What you should write out is every line from the one containing "congr (1 < _): deg;" to the end of the data, exactly and with nothing else.

*Stored data:*
::::::::::
Variables (T : finType) (e : rel T) (v : T) (n : nat) (f : nat -> T) (g : nat -> nat -> bool).
Hypothesis e_sym : symmetric e.
Hypothesis e_irr : irreflexive e.
Hypothesis f_inj : {in [pred i | i <= n] &, injective f}.
Hypothesis f_n : f n = v.
Hypothesis f_nbhd : forall i, i < n -> e v (f i).
Hypothesis nbhd_f : forall x, e v x -> exists2 i, i < n & f i = x.
Hypothesis g_e : forall i j, i <= n -> j <= n -> g i j = e (f i) (f j).

Definition vset (t : seq nat) : {set T} := [set x in map f t].

Lemma vset3 a b c : vset [:: a; b; c] = [set f a; f b; f c].
Proof. by apply/setP => x; rewrite !inE orbA. Qed.

Lemma vset2 a b : vset [:: a; b] = [set f a; f b].
Proof. by apply/setP => x; rewrite !inE. Qed.

Lemma vset_sub t1 t2 : all (mem t2) t1 -> vset t1 \subset vset t2.
Proof.
move=> /allP t12; apply/subsetP => x; rewrite !inE => /mapP [k k1 ->].
exact/map_f/t12.
Qed.

Lemma vsetI t1 t2 : all (leq^~ n) t1 -> all (leq^~ n) t2 ->
  vset t1 :&: vset t2 = vset [seq k <- t1 | k \in t2].
Proof.
move=> /allP t1n /allP t2n; apply/setP => x; rewrite !inE.
apply/andP/mapP => [[/mapP [i i1 ->] /mapP [j j2 fij]] | [i]].
  by exists i => //; rewrite mem_filter i1 (f_inj (t1n _ i1) (t2n _ j2) fij) j2.
by rewrite mem_filter => /andP [i2 i1] ->; rewrite !map_f.
Qed.

Lemma card_vsetI t1 t2 : all (leq^~ n) t1 -> all (leq^~ n) t2 ->
  #|vset t1 :&: vset t2| <= count (mem t2) t1.
Proof.
move=> t1n t2n; rewrite vsetI // cardsE -size_filter.
by apply: leq_trans (card_size _) _; rewrite size_map.
Qed.

Lemma label_triangleP t : label_triangle n g t -> is_triangle e (vset t).
Proof.
rewrite /label_triangle; case: t => [|a [|b [|c [|? ?]]]] /=; rewrite ?andbF //.
case/andP => /and4P [an bn cn _] /and3P [ab bc ca].
by exists (f a), (f b), (f c); rewrite -!g_e ?vset3.
Qed.

Lemma label_edgeP p : label_edge n g p -> is_edge e (vset p).
Proof.
rewrite /label_edge; case: p => [|a [|b [|? ?]]] /=; rewrite ?andbF //.
case/andP => /and3P [an bn _] ab.
by exists (f a), (f b); rewrite -g_e ?vset2.
Qed.

Lemma vsets_hit_triangles_at_v Es : covers_nbhd_edges n g Es ->
  forall t, is_triangle e t -> t :&: [set v] != set0 ->
  exists2 u, u \in [set u in map vset Es] & u \subset t.
Proof.
move=> /allrelP Es_cover t t_tri /set0Pn [x]; rewrite !inE => /andP [xt /eqP xv]; subst x.
have [b [c [vb vc bc ->]]] := triangle_through e_sym t_tri xt.
have [[i i_lt fi] [j j_lt fj]] := (nbhd_f vb, nbhd_f vc); subst b c.
have := Es_cover i j; rewrite !mem_iota0 g_e ?(ltnW i_lt) ?(ltnW j_lt) // bc.
move=> /(_ i_lt j_lt) /hasP [p pE p_sub]; exists (vset p); first by rewrite inE map_f.
by rewrite -f_n -vset3; apply: vset_sub.
Qed.

Lemma vsets_contain_edges_off_v s Es : contains_inner_edges n Es s ->
  forall u, is_edge e u -> u \subset vset s -> u :&: [set v] = set0 ->
  u \in [set u in map vset Es].
Proof.
move=> /allrelP s_Es u [x [y [xy ->]]] xy_sub xy_v.
have v_out : v \notin [set x; y].
  apply/negP => vxy; suff : v \in [set x; y] :&: [set v] by rewrite xy_v inE.
  by rewrite inE vxy set11.
have [xs ys] : x \in vset s /\ y \in vset s.
  by split; apply: (subsetP xy_sub); rewrite !inE eqxx ?orbT.
move: xs ys xy v_out; rewrite !inE => /mapP [i i_s ->] /mapP [j j_s ->] fij v_out.
have [i_n j_n] : i != n /\ j != n.
  by split; apply: contraNneq v_out => kn; rewrite -f_n -kn eqxx ?orbT.
have i_j : i != j by apply: contraTneq fij => ->; rewrite e_irr.
move: (s_Es i j i_s j_s); rewrite (negbTE i_j) (negbTE i_n) (negbTE j_n) /=.
case/orP => ij_Es; apply/mapP; first by exists [:: i; j]; rewrite ?vset2.
by exists [:: j; i]; rewrite ?vset2 // setUC.
Qed.

Lemma valid_cert_reducible c : valid_cert n g c -> reducible e [set v].
Proof.
case: c => Ts Es /and5P [Ttri Tuniq /allrelP Tshare Eedge].
case/and3P => [Esize Ecover /allP Tedges].
have Tn t : t \in Ts -> all (leq^~ n) t by move=> /(allP Ttri) /andP [].
have vset_inj : {in Ts &, injective vset}.
  move=> t1 t2 t1T t2T vset12; have /orP [/eqP // | share] := Tshare _ _ t1T t2T.
  have := card_triangle_gt1 e_irr (label_triangleP (allP Ttri _ t1T)).
  by rewrite -[vset t1]setIid {2}vset12 ltnNge (leq_trans (card_vsetI _ _) share) ?Tn.
split; first by apply/set0Pn; exists v; rewrite inE.
exists [set u in map vset Ts], [set u in map vset Es]; split.
- split=> [u | u1 u2]; rewrite !inE.
    by case/mapP => t /(allP Ttri) /label_triangleP ? ->.
  case/mapP => t1 t1T -> /mapP [t2 t2T ->] t12.
  apply: leq_trans (card_vsetI (Tn _ t1T) (Tn _ t2T)) _.
  by have /orP [/eqP t12' | //] := Tshare _ _ t1T t2T; rewrite t12' eqxx in t12.
- by move=> u; rewrite inE => /mapP [p /(allP Eedge) /label_edgeP ? ->].
- have /card_uniqP card_Ts : uniq (map vset Ts) by rewrite map_inj_in_uniq.
  rewrite !cardsE card_Ts size_map; apply: leq_trans Esize.
  by rewrite -(size_map vset); apply: card_size.
- exact: vsets_hit_triangles_at_v Ecover.
- by move=> t u; rewrite inE => /mapP [s /Tedges s_Es ->]; apply: vsets_contain_edges_off_v.
Qed.

Lemma f_inj_lt : {in iota 0 n &, injective f}.
Proof. by move=> i j /[!mem_iota0] i_lt j_lt; apply: f_inj; rewrite inE ltnW. Qed.

Lemma card_nbhd_labels (P : pred T) :
  #|[set y in nbhd e v | P y]| = count (fun i => P (f i)) (iota 0 n).
Proof.
have -> : [set y in nbhd e v | P y] = [set y in map f [seq i <- iota 0 n | P (f i)]].
  apply/setP => y; rewrite !inE; apply/andP/mapP => [[/nbhd_f [i i_lt <-] Pfi] | [i]].
    by exists i; rewrite // mem_filter Pfi mem_iota0.
  by rewrite mem_filter mem_iota0 => /andP [Pfi /f_nbhd fi_v] ->.
rewrite cardsE (card_uniqP _) ?size_map ?size_filter //.
rewrite map_inj_in_uniq ?filter_uniq ?iota_uniq // => i j.
by rewrite !mem_filter => /andP [_ i_lt] /andP [_ j_lt]; apply: f_inj_lt.
Qed.

Lemma co_deg_gt1_labels : co_nbhd_maxdeg_gt1 e v -> co_deg_gt1 n g.
Proof.
case=> x /[!inE] /nbhd_f [i i_lt <-]; rewrite card_nbhd_labels => deg.
apply/hasP; exists i; first by rewrite mem_iota0.
congr (1 < _): deg; apply: eq_in_count => j /[!mem_iota0] j_lt /=.
by rewrite (inj_in_eq f_inj_lt) ?mem_iota0 // g_e ?(ltnW i_lt) ?(ltnW j_lt).
Qed.

Lemma doubleton_labels_inj : {in co_edges n g &, injective (fun p => [set f p.1; f p.2])}.
Proof.
move=> [i j] [k l] /[!mem_co_edges] /andP [_ /andP [ij jn]] /andP [_ /andP [kl ln]] /= ijkl.
have mem2 a : a < n -> f a \in [set f k; f l] -> (a == k) || (a == l).
  by move=> a_lt; rewrite !inE !(inj_in_eq f_inj_lt) ?mem_iota0 // (ltn_trans kl ln).
have := mem2 i (ltn_trans ij jn); have := mem2 j jn.
rewrite -ijkl !inE !eqxx orbT => /(_ isT) j_kl /(_ isT) i_kl.
by apply/eqP; rewrite xpair_eqE; apply/andP; split; apply/eqP; lia.
Qed.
::::::::::
*Written solution:*
congr (1 < _): deg; apply: eq_in_count => j /[!mem_iota0] j_lt /=.
by rewrite (inj_in_eq f_inj_lt) ?mem_iota0 // g_e ?(ltnW i_lt) ?(ltnW j_lt).
Qed.

Lemma doubleton_labels_inj : {in co_edges n g &, injective (fun p => [set f p.1; f p.2])}.
Proof.
move=> [i j] [k l] /[!mem_co_edges] /andP [_ /andP [ij jn]] /andP [_ /andP [kl ln]] /= ijkl.
have mem2 a : a < n -> f a \in [set f k; f l] -> (a == k) || (a == l).
  by move=> a_lt; rewrite !inE !(inj_in_eq f_inj_lt) ?mem_iota0 // (ltn_trans kl ln).
have := mem2 i (ltn_trans ij jn); have := mem2 j jn.
rewrite -ijkl !inE !eqxx orbT => /(_ isT) j_kl /(_ isT) i_kl.
by apply/eqP; rewrite xpair_eqE; apply/andP; split; apply/eqP; lia.
Qed.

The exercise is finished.